Ein salutogenetischer Blick analysiert gemeinsam mit dem betroffenen Menschen seine Lebensgeschichte, die Einflüsse der eigenen Person und der Lebenswelt auf den Prozess seiner Gesundheit.

1.2.1 Das Salutogenese-Modell von Aaron Antonovsky

Die Frage, wie Gesundheit entsteht, anstatt allein nach den Ursachen von Erkrankungen zu fragen, entspricht der Denkrichtung von Antonovsky / Franke (1997) in seinem Ansatz der Salutogenese. Er ist der Frage nachgegangen, warum manche Menschen trotz großer Belastungen und einschneidender Lebensereignisse gesund bleiben. Für Antonovsky (1979) besitzen Patho- und Salutogenese eine komplementäre Beziehung. Er fordert, dass nicht nur nach den Krankheitsursachen geforscht wird, sondern die gesamte Lebensgeschichte eines Menschen untersucht werden sollte.

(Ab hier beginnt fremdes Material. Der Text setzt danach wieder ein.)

Theorem mainTheorem9 (f : R -> R) (y e a d : R) (F : R -> R -> R)
  (hf_cont : cont_on_01 f)
  (hf_mono : forall s t, 0 <= s <= 1 -> 0 <= t <= 1 -> s < t -> f s < f t)
  (hf_into : forall s, 0 <= s <= 1 -> 0 <= f s <= 1)
  (hf_onto : forall t, 0 <= t <= 1 -> exists s, 0 <= s <= 1 /\ f s = t)
  (hf0 : f 0 = 0) (hf1 : f 1 = 1)
  (hy : 0 < y < 1) (he : 0 < e < 1) (hye : e < y) (hfy : f y = e)
  (ha : Un_cv (fun n : nat => fiter f (Z.of_nat n) (f e)) a)
  (hd : Un_cv (fun n : nat => fiter f (- Z.of_nat n)%Z (f e)) d)
  (hF_range : forall s t, f e <= s <= e -> f e <= t <= e ->
      f (f e) <= F s t <= e)
  (hF_comm : forall s t, f e <= s <= e -> f e <= t <= e -> F s t = F t s)
  (hF_mono : forall s s' t t', f e <= s <= e -> f e <= s' <= e ->
      f e <= t <= e -> f e <= t' <= e -> s <= s' -> t <= t' ->
      F s t <= F s' t')
  (hF_e : forall s, f e <= s <= e -> F s e = s)
  (hF_x : forall s, f e <= s <= e -> F s (f e) = f s)
  (hF_assoc : forall (s t u : R) (n m : Z),
      f e < s <= e -> f e < t <= e -> f e < u <= e ->
      (n = 0 \/ n = 1)%Z -> (m = 0 \/ m = 1)%Z ->
      fiter f (n + 1) e < F s t <= fiter f n e ->
      fiter f (m + 1) e < F t u <= fiter f m e ->
      fiter f m (F s (fiter f (- m) (F t u)))
      = fiter f n (F (fiter f (- n) (F s t)) u)) :
  (forall s, a < s < d -> exists n : Z, fiter f (n + 1) e < s <= fiter f n e) /\
  exists U : R -> R -> R,
    (forall (s t : R) (n m : Z), a < s < d -> a < t < d ->
       fiter f (n + 1) e < s <= fiter f n e ->
       fiter f (m + 1) e < t <= fiter f m e ->
       U s t = fiter f (n + m) (F (fiter f (- n) s) (fiter f (- m) t))) /\
    is_uninorm_on a d e U.
Proof.
  assert (he01 : 0 <= e <= 1) by lra.
  assert (hfe : f e < e) by (rewrite <- hfy at 2; apply hf_mono; lra).
  assert (Hcover : forall s, a < s < d -> exists n, in_block f e n s)
    by (eapply between_in_block; eauto).
  split; [exact Hcover |]. exists (uninorm_of f e F). split.
  - intros s t n m _ _ Hn Hm. eapply uninorm_of_blocks; eauto.
  - eapply uninorm_of_is_uninorm_on; eauto. intros n s. eapply in_block_between; eauto.
Qed.
(* Let $G$ be a finite group and $\xi$ a linear character of $G$. With $SG_2$, $HG_1$ and the characters $\xi\otimes1$, $\xi\otimes\mathrm{sgn}$ of $HG_1$ as in the context, we have (1) $$(\xi\otimes1)\uparrow_{HG_1}^{SG_2}\cong\bigoplus_{\substack{\chi=\xi\otimes\bar\chi\\ \nu_2^\xi(\chi)=1}}S^{(2)}(\chi)\ \oplus\bigoplus_{\substack{\chi=\xi\otimes\bar\chi\\ \nu_2^\xi(\chi)=-1}}S^{(1^2)}(\chi)\ \oplus\bigoplus_{\{\chi,\xi\otimes\bar\chi\},\ \chi\neq\xi\otimes\bar\chi}\big(S^{(1)}(\chi)\otimes S^{(1)}(\xi\otimes\bar\chi)\big)\uparrow_{SG_1\times SG_1}^{SG_2};$$ (2) $$(\xi\otimes\mathrm{sgn})\uparrow_{HG_1}^{SG_2}\cong\bigoplus_{\substack{\chi=\xi\otimes\bar\chi\\ \nu_2^\xi(\chi)=1}}S^{(1^2)}(\chi)\ \oplus\bigoplus_{\substack{\chi=\xi\otimes\bar\chi\\ \nu_2^\xi(\chi)=-1}}S^{(2)}(\chi)\ \oplus\bigoplus_{\{\chi,\xi\otimes\bar\chi\},\ \chi\neq\xi\otimes\bar\chi}\big(S^{(1)}(\chi)\otimes S^{(1)}(\xi\otimes\bar\chi)\big)\uparrow_{SG_1\times SG_1}^{SG_2},$$ where in each case the last sum runs over the unordered pairs $\{\chi,\xi\otimes\bar\chi\}$ of irreducible characters with $\chi\neq\xi\otimes\bar\chi$ (equivalently $\nu_2^\xi(\chi)=0$), each pair taken once.
   Context: $G\wr S_m=\{(g_1,\dots,g_m;\sigma)\}$ with multiplication $(g;\sigma)(h;\tau)=(g_1h_{\sigma^{-1}(1)},\dots,g_mh_{\sigma^{-1}(m)};\sigma\tau)$; $SG_m=G\wr S_m$, $SG_1=G$. $HG_1=\{(g,g;\sigma)\}\subset SG_2$, and $(\xi\otimes\varepsilon)(g,g;\sigma)=\xi(g)\varepsilon(\sigma)$ for $\varepsilon\in\{1,\mathrm{sgn}\}$. $\chi$ runs over irreducible characters of $G$, $V_\chi$ affords $\chi$, $\bar\chi$ is the conjugate character and $\xi\otimes\bar\chi:g\mapsto\xi(g)\overline{\chi(g)}$. $\nu_2^\xi(\chi)=\frac{1}{|G|}\sum_{g}\overline{\xi(g)}\chi(g^2)$. For a partition $\lambda$ of $m$, $S^\lambda(\chi)=V_\chi^{\otimes m}\otimes S^\lambda$ ($S^\lambda$ the Specht module) with $(g_1,\dots,g_m;\sigma)(v_1\otimes\cdots\otimes v_m\otimes w)=g_1v_{\sigma^{-1}(1)}\otimes\cdots\otimes g_mv_{\sigma^{-1}(m)}\otimes\sigma w$; so $S^{(1)}(\chi)=V_\chi$. *)

From HB Require Import structures.
From mathcomp Require Import all_boot all_order all_algebra all_fingroup all_solvable all_field all_character.
Set Implicit Arguments. Unset Strict Implicit. Unset Printing Implicit Defensive.
Import GRing.Theory Num.Theory.
Local Open Scope ring_scope.

(* The wreath product  G wr S_2.  Its elements are triples (g1, g2, s) *)
(* with s : bool encoding sigma in S_2 (s = true <-> sigma = (1 2)).   *)
(* Multiplication, as in the paper:                                     *)
(*  (g;sigma)(h;tau) = (g1 h_{sigma^-1(1)}, g2 h_{sigma^-1(2)}; sigma tau) *)

Section Wreath.
Variable gT : finGroupType.
(* Let $M$ be a matroid on $E=\{0,\dots,n\}$ with connected components $M_1,\dots,M_k$ on $E_1,\dots,E_k$ (so $M=M_1\oplus\cdots\oplus M_k$, $E=\bigsqcup E_i$). For each $i$, let $f_i:X_E\to X_{E_i}$ be the toric morphism induced by the projection $\mathbb R^E/\mathbb R\mathbf 1\to\mathbb R^{E_i}/\mathbb R\mathbf 1$. Then \[ [\mathcal S_M]=\sum_{i=1}^kf_i^*[\mathcal S_{M_i}]\quad\text{and}\quad[\mathcal Q_M]=\sum_{i=1}^kf_i^*[\mathcal Q_{M_i}]\quad\text{in }K_T^0(X_E). \]
   Context: For a finite nonempty set $F$, $X_F$ is the permutohedral variety, the toric variety of the fan in $\mathbb R^F/\mathbb R\mathbf 1$ with cones $\operatorname{Cone}(\overline{\mathbf e}_{S_1},\dots,\overline{\mathbf e}_{S_k})$ for chains of nonempty proper subsets of $F$; it is a $T=(\mathbb C^* )^E$-variety (via projection $T\to(\mathbb C^* )^F$ when $F\subseteq E$), with fixed points $p_\sigma$ indexed by permutations of $F$, and $K_T^0(X_F)$ embeds in a product of Laurent polynomial rings by restriction. For a matroid $N$ on $F$, $B_\sigma(N)$ is the lexicographically first basis for the order given by $\sigma$, and $[\mathcal S_N],[\mathcal Q_N]$ restrict at $p_\sigma$ to $\sum_{i\in B_\sigma(N)}T_i^{-1}$, $\sum_{i\in F\setminus B_\sigma(N)}T_i^{-1}$. A matroid is connected if it is not a direct sum of two matroids on nonempty ground sets; every matroid is uniquely a direct sum of connected matroids, its connected components. *)

From HB Require Import structures.
From mathcomp Require Import all_boot all_order all_fingroup all_algebra.
From mathcomp Require Import mpoly.
Set Implicit Arguments. Unset Strict Implicit. Unset Printing Implicit Defensive.
Import GRing.Theory.

Section Defs.
Variable n : nat.
Local Notation E := 'I_n.+1.

Definition is_matroid (A : {set E}) (BB : {set {set E}}) : Prop :=
  [/\ BB != set0,
      forall B, B \in BB -> B \subset A &
      forall B1 B2, B1 \in BB -> B2 \in BB -> forall x, x \in B1 :\: B2 ->
        exists2 y, y \in B2 :\: B1 & (y |: (B1 :\ x)) \in BB].

Definition dsum2 (B1 B2 : {set {set E}}) : {set {set E}} :=
  [set X :|: Y | X in B1, Y in B2].

Definition connected_matroid (A : {set E}) (BB : {set {set E}}) : Prop :=
  is_matroid A BB /\
  ~ (exists A1 A2 : {set E}, exists B1 B2 : {set {set E}},
       [/\ A1 != set0, A2 != set0, [disjoint A1 & A2] & A1 :|: A2 = A] /\
       [/\ is_matroid A1 B1, is_matroid A2 B2 & BB = dsum2 B1 B2]).

Definition is_dsum (k : nat) (Bi : 'I_k -> {set {set E}}) (BB : {set {set E}}) : Prop :=
  forall B : {set E}, (B \in BB) <-> (exists f : 'I_k -> {set E},
      (forall i, f i \in Bi i) /\ B = \bigcup_(i < k) f i).

Definition connected_components (A : {set E}) (BB : {set {set E}})
    (k : nat) (Ei : 'I_k -> {set E}) (Bi : 'I_k -> {set {set E}}) : Prop :=
  [/\ forall i, Ei i != set0,
      forall i j, i != j -> [disjoint Ei i & Ei j],
      \bigcup_(i < k) Ei i = A,
      forall i, connected_matroid (Ei i) (Bi i) &
      is_dsum Bi BB].

(* Total orders on a subset F of E are encoded by sequences listing the
   elements of F in increasing order; these index the fixed points of X_F. *)
Definition is_order_of (F : {set E}) (s : seq E) : bool := perm_eq s (enum F).

Definition perm_order (sigma : {perm E}) : seq E := [seq sigma i | i <- enum 'I_n.+1].

(* The induced order on a subset F (the fixed point f_F(p_sigma)). *)
Definition restr_order (F : {set E}) (s : seq E) : seq E := [seq x <- s | x \in F].

Fixpoint lexle (a b : seq nat) : bool :=
  match a, b with
  | [::], _ => true
  | _ :: _, [::] => false
  | x :: a', y :: b' => (x < y) || ((x == y) && lexle a' b')
  end.

Definition word (s : seq E) (X : {set E}) : seq nat :=
  [seq index x s | x <- s & x \in X].

Definition lexfirst_basis (s : seq E) (BB : {set {set E}}) : {set E} :=
  odflt set0 [pick B in BB | [forall B', (B' \in BB) ==> lexle (word s B) (word s B')]].

(* Laurent polynomial ring Z[T_0^{+-1},...,T_n^{+-1}]: we work inside its
   subring Z[T_0^{-1},...,T_n^{-1}], identified with {mpoly int[n.+1]}
   via 'X_i = T_i^{-1}. *)
Definition Lring := {mpoly int[n.+1]}.
Definition Tinv (i : E) : Lring := 'X_i.

(* Restrictions of [S_N] and [Q_N] (N matroid on F with bases BB) at the
   fixed point p_s of X_F. *)
Definition locS (BB : {set {set E}}) (s : seq E) : Lring :=
  (\sum_(i in lexfirst_basis s BB) Tinv i)%R.
Definition locQ (F : {set E}) (BB : {set {set E}}) (s : seq E) : Lring :=
  (\sum_(i in F :\: lexfirst_basis s BB) Tinv i)%R.

(* Equivariant pullback along f_F : X_E -> X_F, on localizations:
   (f_F^* xi)|_{p_s} = xi|_{p_{s restricted to F}}. *)
Definition pullback (F : {set E}) (xi : seq E -> Lring) : seq E -> Lring :=
  fun s => xi (restr_order F s).

End Defs.

From HB Require Import structures.
From mathcomp Require Import all_boot all_order all_fingroup all_algebra.
From mathcomp Require Import mpoly.
Import GRing.Theory.
Set Implicit Arguments. Unset Strict Implicit.

(* For bases of a matroid, which all have the same size, comparing their words
   lexicographically amounts to asking which of the two sets contains the first
   element of the order where they differ.  For a direct sum, the first
   difference between two unions of bases of the summands lies in a single
   block, so the lexicographically first basis of M is the union of the
   lexicographically first bases of the M_i for the induced orders.  The
   restrictions of [S_M] and [Q_M] to p_sigma are then sums over the disjoint
   blocks of that basis and of its complement. *)

Section Blocks.
Variables (T : finType) (k : nat) (Ei : 'I_k -> {set T}).
Hypothesis Ei_disj : forall i j, i != j -> [disjoint Ei i & Ei j].

Lemma mem_bigcup_block (Z : 'I_k -> {set T}) j a :
  (forall i, Z i \subset Ei i) -> a \in Ei j -> (a \in \bigcup_(i < k) Z i) = (a \in Z j).
Proof.
move=> sZE aEj; apply/bigcupP/idP => [[i _ aZi] | aZj]; last by exists j.
case: (eqVneq i j) => [<- // | ij].
by have := disjointFr (Ei_disj ij) (subsetP (sZE i) _ aZi); rewrite aEj.
Qed.

Lemma setD_bigcup_block (Z : 'I_k -> {set T}) : (forall i, Z i \subset Ei i) ->
  \bigcup_(i < k) Ei i :\: \bigcup_(i < k) Z i = \bigcup_(i < k) (Ei i :\: Z i).
Proof.
move=> sZE; apply/setP => x.
apply/setDP/bigcupP => [[/bigcupP[j _ xEj] xZ] | [j _ /setDP[xEj xZj]]].
  by exists j => //; apply/setDP; rewrite -(mem_bigcup_block sZE xEj).
by split; [apply/bigcupP; exists j | rewrite (mem_bigcup_block sZE xEj)].
Qed.

End Blocks.

Section LexSet.
Variable T : finType.
Implicit Types (s : seq T) (X Y : {set T}).

Fixpoint lexsetle s X Y : bool :=
  if s is a :: s' then
    if (a \in X) != (a \in Y) then a \in X else lexsetle s' X Y
  else true.

Lemma lexsetle_refl s X : lexsetle s X X.
Proof. by elim: s => //= a s ->; rewrite eqxx. Qed.

Lemma lexsetle_total s X Y : lexsetle s X Y || lexsetle s Y X.
Proof. by elim: s => //= a s IH; case: (a \in X); case: (a \in Y). Qed.

Lemma lexsetle_trans s : transitive (lexsetle s).
Proof.
move=> Y X Z; elim: s => //= a s IH.
by case: (a \in X); case: (a \in Y); case: (a \in Z) => //=; apply: IH.
Qed.

Lemma lexsetle_anti s X Y : lexsetle s X Y -> lexsetle s Y X ->
  {in s, forall x, (x \in X) = (x \in Y)}.
Proof.
elim: s => //= a s IH.
case aX: (a \in X); case aY: (a \in Y) => //= leXY leYX x;
  rewrite inE => /predU1P[-> | xs]; rewrite ?aX ?aY //; exact: IH.
Qed.

Lemma lexsetle_filter (F : {set T}) s X Y : X \subset F -> Y \subset F ->
  lexsetle [seq x <- s | x \in F] X Y = lexsetle s X Y.
Proof.
move=> /subsetP sXF /subsetP sYF; elim: s => //= a s IH.
case aF: (a \in F) => /=; rewrite IH //.
have /negbTE -> : a \notin X by apply: contraFN aF; apply: sXF.
by have /negbTE -> : a \notin Y by apply: contraFN aF; apply: sYF.
Qed.

Lemma lexsetle_min_exists s (BB : {set {set T}}) : BB != set0 ->
  exists2 B, B \in BB & {in BB, forall B', lexsetle s B B'}.
Proof.
move=> /set0Pn[B0 B0in].
have := sort_sorted (@lexsetle_total s) (enum BB).
have mem_sorted := mem_sort (lexsetle s) (enum BB).
case: (sort _ _) mem_sorted => [|B l] mem_sorted /=.
  by have := mem_sorted B0; rewrite in_nil mem_enum B0in.
move=> /(order_path_min (@lexsetle_trans s)) /allP Bmin.
exists B; first by rewrite -mem_enum -mem_sorted mem_head.
move=> B'; rewrite -mem_enum -mem_sorted inE => /predU1P[-> | /Bmin //].
exact: lexsetle_refl.
Qed.

Lemma lexsetle_bigcup k (Ei X Y : 'I_k -> {set T}) s :
  (forall i j, i != j -> [disjoint Ei i & Ei j]) ->
  (forall i, X i \subset Ei i) -> (forall i, Y i \subset Ei i) ->
  (forall i, lexsetle s (X i) (Y i)) ->
  lexsetle s (\bigcup_(i < k) X i) (\bigcup_(i < k) Y i).
Proof.
move=> Ei_disj sXE sYE; elim: s => //= a s IH leXY.
have outside (Z : 'I_k -> {set T}) i :
    Z i \subset Ei i -> a \notin Ei i -> (a \in Z i) = false.
  by move=> sZE; apply: contraNF => /(subsetP sZE).
have leXY_off i : a \notin Ei i -> lexsetle s (X i) (Y i).
  by move=> aEi; have := leXY i; rewrite /= (outside X) ?(outside Y).
case: (pickP (fun i => a \in Ei i)) => [j aEj | /= aE].
  rewrite (mem_bigcup_block Ei_disj sXE aEj) (mem_bigcup_block Ei_disj sYE aEj).
  have := leXY j; rewrite /=; case: ifP => // _ leXYj.
  apply: IH => i; case: (eqVneq i j) => [-> // | ij]; apply: leXY_off.
  by apply: contraL aEj => /(disjointFr (Ei_disj _ _ ij)) ->.
have notin_bigcup (Z : 'I_k -> {set T}) :
    (forall i, Z i \subset Ei i) -> (a \in \bigcup_(i < k) Z i) = false.
  by move=> sZE; apply/bigcupP => -[i _ /(subsetP (sZE i))]; rewrite aE.
by rewrite !notin_bigcup //=; apply: IH => i; apply: leXY_off; rewrite aE.
Qed.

Die zentrale Frage des Autors lautet, welche Faktoren dazu führen, dass eine Person auf dem Gesundheits-Krankheits-Kontinuum in Richtung Gesundheit einzuordnen ist. Die Erforschung und Behandlung pathogener Faktoren sollte durch die Suche nach den Ursachenzusammenhängen von Gesundheit ergänzt werden.

Die salutogenetische Orientierung schlägt vor, die Stelle zu suchen, an der sich die jeweilige Person zum jeweiligen Zeitpunkt auf dem Kontinuum von Gesundheit und Krankheit befindet (Antonovsky / Franke 1997). Das zentrale Konstrukt in diesem Modell stellt das Kohärenzsinn / -gefühl (sence of coherence = SOC) dar (Antonovsky 1979, Antonovsky / Franke 1997).

Kohärenzsinn

Antonovsky definiert das Kohärenzgefühl als

„a global orientation that expresses the extent to which one has a pervasive endouring dynamic, feeling of confidence that one’s internal and external environments are predictible and that there is a high probability that things will work out as well as can reasonably be expected“ (Antonovsky 1979, 10).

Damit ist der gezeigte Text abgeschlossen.